ジョーは、映画プロダクションのスカウトのような仕事をしていて、新人を発掘するべくシチリアの田舎町を訪れます。----原題の"L'uomo delle stelle"は、さしずめ「スターを見つけ出す男」といったところでしょうか----そこで彼は、オーディションと称してフィルムテストをしています。「フィルムはローマで審査される」というジョーのことばを信じて、淡い期待を胸に集まる人々。この作品の背景となる1950年代初頭は、ネオ・レアリズム華やかし頃。「靴みがき」「揺れる大地」「自転車泥棒」など、素人俳優を起用したヒット作も何本かあったのです。全くの素人でもスターになれるチャンスがあるのではないかと、ジョーのオーディションに集まる人々が期待するのも無理はなかったのでしょう。
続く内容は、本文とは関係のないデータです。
(* Let $\mathcal{U}$ be a finite set, $\mathbf{a} \in \mathbb{Z}_{\geq 0}^{\mathcal{U}}$ with $F_1 = \sum_{i\in\mathcal{U}} \mathbf{a}_i > 0$, let $k > 0$ with $HH(k) = |\{i \in \mathcal{U} : \mathbf{a}_i \geq F_1/k\}| \geq 1$, let $h$ be a positive integer and $\delta \in (0,1)$. Let $f : \mathcal{U} \to [h]$ be a uniformly random function and \[ \tilde k = \big|\{ j \in [h] : \exists\, i \in f^{-1}(j) \text{ with } \mathbf{a}_i \geq F_1/k \}\big| . \] Then with probability at least $1-\delta$, \[ \frac{\tilde k}{HH(k)} \geq 1 - \frac{k}{\delta h}. \]
   Context: $[h] = \{1,\dots,h\}$. A uniformly random function assigns each element of $\mathcal{U}$ an independent uniform value in $[h]$. *)

From HB Require Import structures.
From mathcomp Require Import all_boot all_order all_algebra.
Set Implicit Arguments. Unset Strict Implicit. Unset Printing Implicit Defensive.
Import Order.TTheory GRing.Theory Num.Theory.
Local Open Scope ring_scope.

Definition F1 (U : finType) (a : U -> nat) : nat := (\sum_(i : U) a i)%N.

Definition heavy (R : realFieldType) (U : finType) (a : U -> nat) (k : R) (i : U) : bool :=
  (F1 a)%:R / k <= (a i)%:R.

Definition HH (R : realFieldType) (U : finType) (a : U -> nat) (k : R) : nat :=
  #|[set i : U | heavy a k i]|.

Definition ktilde (R : realFieldType) (U : finType) (a : U -> nat) (k : R) (h : nat)
  (f : {ffun U -> 'I_h}) : nat :=
  #|[set j : 'I_h | [exists i : U, (f i == j) && heavy a k i]]|.

Definition unif_prob (R : realFieldType) (U : finType) (h : nat)
  (E : pred {ffun U -> 'I_h}) : R :=
  #|[set f | E f]|%:R / #|{ffun U -> 'I_h}|%:R.

From HB Require Import structures.
From mathcomp Require Import all_boot all_order all_algebra all_fingroup.
From mathcomp Require Import lra.
Set Implicit Arguments. Unset Strict Implicit. Unset Printing Implicit Defensive.
Import Order.TTheory GRing.Theory Num.Theory.

(* Let [H] be the set of heavy hitters and [m = |H| <= k].  The buckets
   holding a heavy hitter number at least [m] minus the number [D] of ordered
   pairs of distinct heavy hitters sharing a bucket.  Each such pair collides
   with probability [1/h], so [E D <= m^2/h], and by Markov's inequality
   [D >= m^2/(delta h)] has probability at most [delta].  Outside this event
   [ktilde >= m - m^2/(delta h) >= m (1 - k/(delta h))]. *)

Section Collisions.

Variables (U T : finType).

Definition collisions (H : {set U}) (f : U -> T) : nat :=
  \sum_(i in H) \sum_(j in H | j != i) (f i == f j).

(* Every element of [H] not counted by a collision is mapped injectively. *)
Lemma card_le_imset_collisions (H : {set U}) (f : U -> T) :
  (#|H| <= #|f @: H| + collisions H f)%N.
Proof.
set Y := [set i in H | [exists j, [&& j \in H, j != i & f j == f i]]].
have YH : Y \subset H by apply/subsetP=> i; rewrite inE => /andP[].
rewrite -(cardsID Y H) (setIidPr YH) addnC leq_add //.
  rewrite -(card_in_imset (f := f)); first by apply/subset_leq_card/imsetS/subsetDl.
  move=> x y; rewrite !inE => /andP[xY xH] /andP[_ yH] fxy.
  apply/eqP; apply: contraNT xY => nxy; rewrite xH /=.
  by apply/existsP; exists y; rewrite yH eq_sym nxy fxy eqxx.
rewrite -sum1_card /collisions [X in (_ <= X)%N]big_mkcond [X in (X <= _)%N]big_mkcond.
apply: leq_sum => i _; case: (boolP (i \in Y)) => // iY.
move: iY; rewrite inE => /andP[-> /existsP[j /and3P[jH nji fji]]].
by rewrite (bigD1 j) ?jH //= (eqP fji) eqxx.
Qed.

End Collisions.

(* Swapping the values [g i] and [c] at [j] is an involution of the
   function space carrying the event [g i == g j] onto [g j == c]. *)
Lemma ffun_eq_pair_count (U : finType) (h : nat) (i j : U) : i != j ->
  (h * \sum_(g : {ffun U -> 'I_h}) (g i == g j : nat) = #|{ffun U -> 'I_h}|)%N.
Proof.
move=> nij.
have eq_count c : (\sum_(g : {ffun U -> 'I_h}) (g i == g j : nat) =
                   \sum_(g : {ffun U -> 'I_h}) (g j == c : nat))%N.
  pose swap (g : {ffun U -> 'I_h}) : {ffun U -> 'I_h} :=
    [ffun x => if x == j then tperm (g i) c (g j) else g x].
  have swapK : involutive swap.
    move=> g; apply/ffunP=> x; rewrite !ffunE.
    by case: eqP => [->|//]; rewrite (negbTE nij) eqxx tpermK.
  rewrite (reindex_inj (inv_inj swapK)); apply: eq_bigr => g _.
  rewrite !ffunE (negbTE nij) eqxx.
  by rewrite -(inj_eq (@perm_inj _ (tperm (g i) c))) tpermL tpermK eq_sym.
transitivity (\sum_(c < h) \sum_(g : {ffun U -> 'I_h}) (g j == c : nat))%N.
  by rewrite -(eq_bigr _ (fun c _ => eq_count c)) sum_nat_const card_ord.
rewrite exchange_big /= -sum1_card; apply: eq_bigr => g _.
by rewrite (bigD1 (g j)) //= eqxx big1 // => c /negbTE; rewrite eq_sym => ->.
Qed.

Lemma sum_collisions (U : finType) (h : nat) (H : {set U}) :
  (h * \sum_(f : {ffun U -> 'I_h}) collisions H f
     <= #|H| * #|H| * #|{ffun U -> 'I_h}|)%N.
Proof.
rewrite /collisions exchange_big big_distrr -mulnA -sum_nat_const.
apply: leq_sum => i _.
rewrite exchange_big big_distrr -sum_nat_const big_mkcondr.
apply: leq_sum => j _; case: eqP => [-> //|/eqP nji] /=.
by rewrite ffun_eq_pair_count // eq_sym.
Qed.

Local Open Scope ring_scope.

Lemma ktildeE (R : realFieldType) (U : finType) (a : U -> nat) (k : R) (h : nat)
    (f : {ffun U -> 'I_h}) :
  ktilde a k f = #|f @: [set i | heavy a k i]|.
Proof.
apply: eq_card => j; rewrite inE.
apply/existsP/imsetP => [[i /andP[/eqP <- hi]]|[i hi ->]].
  by exists i; rewrite ?inE.
by exists i; rewrite eqxx; rewrite inE in hi.
Qed.

Lemma HH_le (R : realFieldType) (U : finType) (a : U -> nat) (k : R) :
  (0 < F1 a)%N -> 0 < k -> (HH a k)%:R <= k.
Proof.
move=> F1gt0 kgt0; set H := [set i | heavy a k i].
have F1R : (0 : R) < (F1 a)%:R by rewrite ltr0n.
have : (HH a k)%:R * ((F1 a)%:R / k) <= (F1 a)%:R :> R.
  rewrite mulr_natl -sumr_const.
  apply: (le_trans (y := \sum_(i in H) (a i)%:R)).
    by apply: ler_sum => i; rewrite inE.
  rewrite /F1 natr_sum [X in _ <= X](bigID (mem H)) /= lerDl.
  exact: sumr_ge0.
by rewrite mulrA ler_pdivrMr // mulrC ler_pM2l.
Qed.

Section UniformProbability.

Variables (R : realFieldType) (U : finType) (h : nat).
Hypothesis h_gt0 : (0 < h)%N.

Let N := #|{ffun U -> 'I_h}|.

Lemma card_ffun_gt0 : (0 < N)%N.
Proof. by apply/card_gt0P; exists [ffun=> Ordinal h_gt0]. Qed.

Lemma unif_probC (E : pred {ffun U -> 'I_h}) :
  unif_prob R (predC E) = 1 - unif_prob R E.
Proof.
have NR : N%:R != 0 :> R by rewrite pnatr_eq0 -lt0n card_ffun_gt0.
rewrite /unif_prob -/N -[X in X - _](divff NR) -mulrBl.
have -> : [set f | predC E f] = ~: [set f | E f] by apply/setP=> f; rewrite !inE.
by rewrite /N -(cardsC [set f | E f]) natrD addrC addrK.
Qed.

Lemma le_unif_prob (E E' : pred {ffun U -> 'I_h}) :
  (forall f, E f -> E' f) -> unif_prob R E <= unif_prob R E'.
Proof.
move=> EE'; rewrite ler_pM2r ?invr_gt0 ?ltr0n ?card_ffun_gt0 // ler_nat.
by apply/subset_leq_card/subsetP=> f; rewrite !inE => /EE'.
Qed.

Lemma unif_prob_markov (D : {ffun U -> 'I_h} -> nat) (t : R) :
  unif_prob R (fun f => t <= (D f)%:R) * t <= (\sum_f D f)%:R / N%:R.
Proof.
rewrite /unif_prob mulrAC ler_pM2r ?invr_gt0 ?ltr0n ?card_ffun_gt0 //.
rewrite mulr_natl -sumr_const natr_sum [X in _ <= X](bigID (mem [set f | t <= (D f)%:R])) /=.
rewrite -[X in X <= _]addr0 lerD ?sumr_ge0 //.
by apply: ler_sum => f; rewrite inE.
Qed.

End UniformProbability.

Theorem lemma6 (R : realFieldType) (U : finType) (a : U -> nat) (k : R) (h : nat)
  (delta : R) :
  (0 < F1 a)%N -> 0 < k -> (1 <= HH a k)%N -> (0 < h)%N ->
  0 < delta -> delta < 1 ->
  1 - delta <=
    unif_prob R
      (fun f : {ffun U -> 'I_h} =>
         1 - k / (delta * h%:R) <= (ktilde a k f)%:R / (HH a k)%:R).
Proof.
move=> F1gt0 kgt0 HHgt0 hgt0 dgt0 _.
set H := [set i | heavy a k i]; set m := HH a k.
set x := delta * h%:R; set E := fun f => _; set t := m%:R * m%:R / x.
have hR : (0 : R) < h%:R by rewrite ltr0n.
have mR : (0 : R) < m%:R by rewrite ltr0n.
have xgt0 : 0 < x by rewrite mulr_gt0.
have mk : m%:R <= k := HH_le F1gt0 kgt0.
have tdelta : t * delta = m%:R * m%:R / h%:R.
  by rewrite /t /x invfM -!mulrA [_^-1 * delta]mulrC mulKf ?gt_eqF.
have mean : (\sum_(f : {ffun U -> 'I_h}) collisions H f)%:R / #|{ffun U -> 'I_h}|%:R
    <= t * delta.
  rewrite tdelta ler_pdivrMr ?ltr0n ?card_ffun_gt0 // mulrAC ler_pdivlMr //.
  by rewrite mulrC -!natrM ler_nat sum_collisions.
have bad f : ~~ E f -> t <= (collisions H f)%:R.
  move=> nEf.
  have cover : m%:R <= (ktilde a k f)%:R + (collisions H f)%:R :> R.
    by rewrite -natrD ler_nat ktildeE; apply: card_le_imset_collisions.
  have kt_lt : (ktilde a k f)%:R < m%:R - k / x * m%:R.
    by move: nEf; rewrite /E -ltNge ltr_pdivrMr // mulrBl mul1r.
  have : k / x * m%:R < (collisions H f)%:R by lra.
  rewrite mulrAC ltr_pdivrMr // => km_lt.
  have : m%:R * m%:R <= k * m%:R :> R by rewrite ler_pM2r.
  rewrite /t ler_pdivrMr //; lra.
have tgt0 : 0 < t by rewrite divr_gt0 ?mulr_gt0.
have : unif_prob R (predC E) * t <= delta * t.
  rewrite [delta * t]mulrC.
  apply: le_trans (le_trans (unif_prob_markov hgt0 (collisions H) t) mean).
  by rewrite ler_pM2r //; apply: le_unif_prob => // f /bad.
by rewrite ler_pM2r // unif_probC //; lra.
Qed.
ところが、実はこのフィルムテストというのが、ジョーの嘘。カメラにフィルムは入っておらず、テストの手数料を巻き上げるのが、詐欺師であるジョーの目的でした。

そうとは知らない町の人々は、カメラの前で思い思いに語り始めます。これが、それぞれ濃いひとたちばかりで、おもしろい! 色仕掛けで成功を手に入れようとする人なんかもいるんですが、過去のつらい経験を告白しちゃう人や、自慢話を続ける人、ガリバルディの赤シャツ千人隊に参加したというおじいさんなど、皆なんのためにカメラの前に立っているのか確認したくなるほど、饒舌に自己主張を続けます。